- [Task details] For the data below, please report each line where the word "congr" is found.
*** Block opens ***
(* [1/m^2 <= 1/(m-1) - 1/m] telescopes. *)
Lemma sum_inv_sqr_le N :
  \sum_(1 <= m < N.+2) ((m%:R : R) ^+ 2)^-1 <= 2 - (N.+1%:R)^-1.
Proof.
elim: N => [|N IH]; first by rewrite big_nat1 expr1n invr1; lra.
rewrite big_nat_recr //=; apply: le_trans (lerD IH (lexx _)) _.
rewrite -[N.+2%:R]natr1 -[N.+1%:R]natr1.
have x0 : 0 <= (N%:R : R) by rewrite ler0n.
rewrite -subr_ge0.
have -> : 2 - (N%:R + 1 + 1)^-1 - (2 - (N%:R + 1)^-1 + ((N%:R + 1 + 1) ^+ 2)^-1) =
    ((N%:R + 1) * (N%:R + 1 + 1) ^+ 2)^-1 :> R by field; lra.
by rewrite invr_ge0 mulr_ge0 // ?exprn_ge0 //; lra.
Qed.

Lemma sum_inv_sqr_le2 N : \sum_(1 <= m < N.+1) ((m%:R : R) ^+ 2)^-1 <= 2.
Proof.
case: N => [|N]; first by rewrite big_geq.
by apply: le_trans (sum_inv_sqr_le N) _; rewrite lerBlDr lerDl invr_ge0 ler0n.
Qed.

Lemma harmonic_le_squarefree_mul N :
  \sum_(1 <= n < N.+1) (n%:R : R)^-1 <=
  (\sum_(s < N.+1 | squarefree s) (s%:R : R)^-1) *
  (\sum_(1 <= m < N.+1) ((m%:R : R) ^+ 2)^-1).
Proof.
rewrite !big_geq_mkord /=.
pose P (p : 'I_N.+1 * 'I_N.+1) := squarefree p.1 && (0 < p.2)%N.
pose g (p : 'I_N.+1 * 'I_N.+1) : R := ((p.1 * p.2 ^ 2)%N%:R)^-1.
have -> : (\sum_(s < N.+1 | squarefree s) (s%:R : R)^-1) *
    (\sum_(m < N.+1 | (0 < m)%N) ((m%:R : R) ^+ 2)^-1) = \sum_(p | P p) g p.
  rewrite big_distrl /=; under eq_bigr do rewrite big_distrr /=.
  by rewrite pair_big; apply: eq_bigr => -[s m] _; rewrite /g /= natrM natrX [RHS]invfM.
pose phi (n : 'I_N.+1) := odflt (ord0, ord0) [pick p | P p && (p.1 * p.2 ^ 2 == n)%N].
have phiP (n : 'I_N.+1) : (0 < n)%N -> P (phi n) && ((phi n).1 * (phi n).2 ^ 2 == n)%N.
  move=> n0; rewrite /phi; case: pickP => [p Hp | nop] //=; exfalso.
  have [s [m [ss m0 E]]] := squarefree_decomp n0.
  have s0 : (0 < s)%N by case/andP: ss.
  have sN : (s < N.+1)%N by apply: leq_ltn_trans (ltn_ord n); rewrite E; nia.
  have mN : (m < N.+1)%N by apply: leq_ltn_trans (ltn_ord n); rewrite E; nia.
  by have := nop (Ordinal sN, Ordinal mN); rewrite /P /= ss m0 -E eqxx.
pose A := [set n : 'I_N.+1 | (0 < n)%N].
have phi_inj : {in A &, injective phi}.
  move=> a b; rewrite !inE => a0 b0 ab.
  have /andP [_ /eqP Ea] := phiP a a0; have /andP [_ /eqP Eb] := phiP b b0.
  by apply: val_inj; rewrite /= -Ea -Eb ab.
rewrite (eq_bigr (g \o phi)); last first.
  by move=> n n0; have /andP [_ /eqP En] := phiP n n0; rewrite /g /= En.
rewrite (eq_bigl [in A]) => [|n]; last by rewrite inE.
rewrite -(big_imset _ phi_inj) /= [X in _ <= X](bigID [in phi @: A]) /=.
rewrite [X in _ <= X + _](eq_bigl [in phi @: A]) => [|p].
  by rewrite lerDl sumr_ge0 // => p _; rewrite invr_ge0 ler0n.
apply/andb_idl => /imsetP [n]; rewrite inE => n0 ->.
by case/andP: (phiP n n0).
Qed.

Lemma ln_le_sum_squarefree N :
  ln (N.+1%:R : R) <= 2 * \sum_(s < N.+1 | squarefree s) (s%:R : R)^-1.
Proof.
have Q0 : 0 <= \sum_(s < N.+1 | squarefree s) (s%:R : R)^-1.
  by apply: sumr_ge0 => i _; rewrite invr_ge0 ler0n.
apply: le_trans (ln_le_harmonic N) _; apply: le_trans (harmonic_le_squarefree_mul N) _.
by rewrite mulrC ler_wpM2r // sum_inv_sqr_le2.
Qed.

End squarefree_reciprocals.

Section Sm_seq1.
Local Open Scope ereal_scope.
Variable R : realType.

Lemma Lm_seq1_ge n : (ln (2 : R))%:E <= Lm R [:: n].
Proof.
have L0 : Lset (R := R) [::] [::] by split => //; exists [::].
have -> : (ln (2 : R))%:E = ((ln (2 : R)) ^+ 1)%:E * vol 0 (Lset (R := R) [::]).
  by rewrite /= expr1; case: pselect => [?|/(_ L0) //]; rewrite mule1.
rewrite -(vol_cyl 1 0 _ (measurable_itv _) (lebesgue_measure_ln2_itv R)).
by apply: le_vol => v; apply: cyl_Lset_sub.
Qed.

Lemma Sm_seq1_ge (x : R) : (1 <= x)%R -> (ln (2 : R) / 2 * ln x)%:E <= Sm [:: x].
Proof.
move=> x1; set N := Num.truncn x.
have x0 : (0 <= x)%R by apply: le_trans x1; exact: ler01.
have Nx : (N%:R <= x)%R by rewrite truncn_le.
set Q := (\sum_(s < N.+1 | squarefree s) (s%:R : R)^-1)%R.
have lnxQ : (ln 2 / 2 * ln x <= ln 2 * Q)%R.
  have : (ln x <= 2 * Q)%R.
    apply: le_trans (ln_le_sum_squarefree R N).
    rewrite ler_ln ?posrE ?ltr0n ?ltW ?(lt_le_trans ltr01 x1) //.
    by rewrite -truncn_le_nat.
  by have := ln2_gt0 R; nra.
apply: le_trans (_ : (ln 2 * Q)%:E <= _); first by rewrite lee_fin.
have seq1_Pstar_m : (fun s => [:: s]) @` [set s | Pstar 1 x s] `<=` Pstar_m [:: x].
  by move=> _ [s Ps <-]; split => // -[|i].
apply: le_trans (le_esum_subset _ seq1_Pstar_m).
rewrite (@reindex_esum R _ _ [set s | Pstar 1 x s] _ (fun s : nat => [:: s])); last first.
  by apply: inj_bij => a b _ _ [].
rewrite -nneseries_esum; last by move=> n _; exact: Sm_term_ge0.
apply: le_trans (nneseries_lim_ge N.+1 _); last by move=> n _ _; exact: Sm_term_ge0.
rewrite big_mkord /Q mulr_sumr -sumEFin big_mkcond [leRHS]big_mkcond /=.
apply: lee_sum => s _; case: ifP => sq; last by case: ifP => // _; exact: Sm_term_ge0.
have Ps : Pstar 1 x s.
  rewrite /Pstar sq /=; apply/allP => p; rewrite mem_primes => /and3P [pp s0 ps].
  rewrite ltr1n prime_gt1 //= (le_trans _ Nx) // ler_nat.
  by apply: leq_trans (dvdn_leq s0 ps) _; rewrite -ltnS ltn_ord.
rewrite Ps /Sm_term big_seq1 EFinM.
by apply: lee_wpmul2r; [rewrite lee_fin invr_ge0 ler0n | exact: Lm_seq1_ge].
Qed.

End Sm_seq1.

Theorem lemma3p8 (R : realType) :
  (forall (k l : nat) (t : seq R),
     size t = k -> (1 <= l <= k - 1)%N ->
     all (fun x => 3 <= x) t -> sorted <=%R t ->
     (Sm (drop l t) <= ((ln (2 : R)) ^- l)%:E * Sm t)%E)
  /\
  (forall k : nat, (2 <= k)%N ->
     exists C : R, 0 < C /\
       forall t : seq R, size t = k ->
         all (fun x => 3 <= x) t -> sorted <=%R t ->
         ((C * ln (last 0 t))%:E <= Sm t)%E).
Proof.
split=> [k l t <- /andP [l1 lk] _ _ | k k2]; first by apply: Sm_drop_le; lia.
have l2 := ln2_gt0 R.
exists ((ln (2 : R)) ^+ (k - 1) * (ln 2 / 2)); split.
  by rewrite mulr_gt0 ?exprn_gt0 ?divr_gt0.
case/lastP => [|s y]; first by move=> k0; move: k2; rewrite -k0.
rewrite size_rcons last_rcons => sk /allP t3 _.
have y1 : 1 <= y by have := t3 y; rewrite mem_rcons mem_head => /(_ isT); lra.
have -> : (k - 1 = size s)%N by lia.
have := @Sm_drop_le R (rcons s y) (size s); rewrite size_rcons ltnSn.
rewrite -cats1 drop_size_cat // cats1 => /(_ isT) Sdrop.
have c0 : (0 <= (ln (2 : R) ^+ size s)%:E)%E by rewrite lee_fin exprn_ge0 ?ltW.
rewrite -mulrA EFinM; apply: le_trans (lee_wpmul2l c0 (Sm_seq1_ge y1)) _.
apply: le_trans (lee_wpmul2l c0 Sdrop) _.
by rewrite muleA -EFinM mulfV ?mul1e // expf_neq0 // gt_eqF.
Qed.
*** Block closes ***
*** Block opens ***
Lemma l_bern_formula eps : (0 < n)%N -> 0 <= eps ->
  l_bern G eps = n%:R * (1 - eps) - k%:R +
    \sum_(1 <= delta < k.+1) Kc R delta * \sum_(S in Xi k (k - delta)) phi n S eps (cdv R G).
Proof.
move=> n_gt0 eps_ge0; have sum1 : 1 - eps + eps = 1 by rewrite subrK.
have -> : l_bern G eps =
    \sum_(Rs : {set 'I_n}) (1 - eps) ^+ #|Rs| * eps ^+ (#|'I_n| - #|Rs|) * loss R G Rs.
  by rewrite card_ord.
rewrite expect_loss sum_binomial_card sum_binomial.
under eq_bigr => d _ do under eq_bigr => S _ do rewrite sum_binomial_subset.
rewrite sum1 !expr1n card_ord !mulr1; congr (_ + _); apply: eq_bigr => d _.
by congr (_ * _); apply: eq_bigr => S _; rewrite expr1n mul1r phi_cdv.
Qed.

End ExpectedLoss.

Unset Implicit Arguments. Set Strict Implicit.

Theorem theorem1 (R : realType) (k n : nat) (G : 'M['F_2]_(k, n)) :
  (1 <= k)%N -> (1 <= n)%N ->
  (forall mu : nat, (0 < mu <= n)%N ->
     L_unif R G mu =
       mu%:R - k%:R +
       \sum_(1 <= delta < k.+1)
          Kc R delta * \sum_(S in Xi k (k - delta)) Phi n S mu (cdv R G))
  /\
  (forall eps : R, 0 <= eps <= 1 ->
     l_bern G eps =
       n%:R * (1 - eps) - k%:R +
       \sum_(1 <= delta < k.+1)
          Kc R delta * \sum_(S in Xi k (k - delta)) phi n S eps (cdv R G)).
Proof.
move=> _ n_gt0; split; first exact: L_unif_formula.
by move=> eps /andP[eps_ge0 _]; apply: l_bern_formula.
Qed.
*** Block closes ***
- [Your solution]
rewrite sum1 !expr1n card_ord !mulr1; congr (_ + _); apply: eq_bigr => d _.
by congr (_ * _); apply: eq_bigr => S _; rewrite expr1n mul1r phi_cdv.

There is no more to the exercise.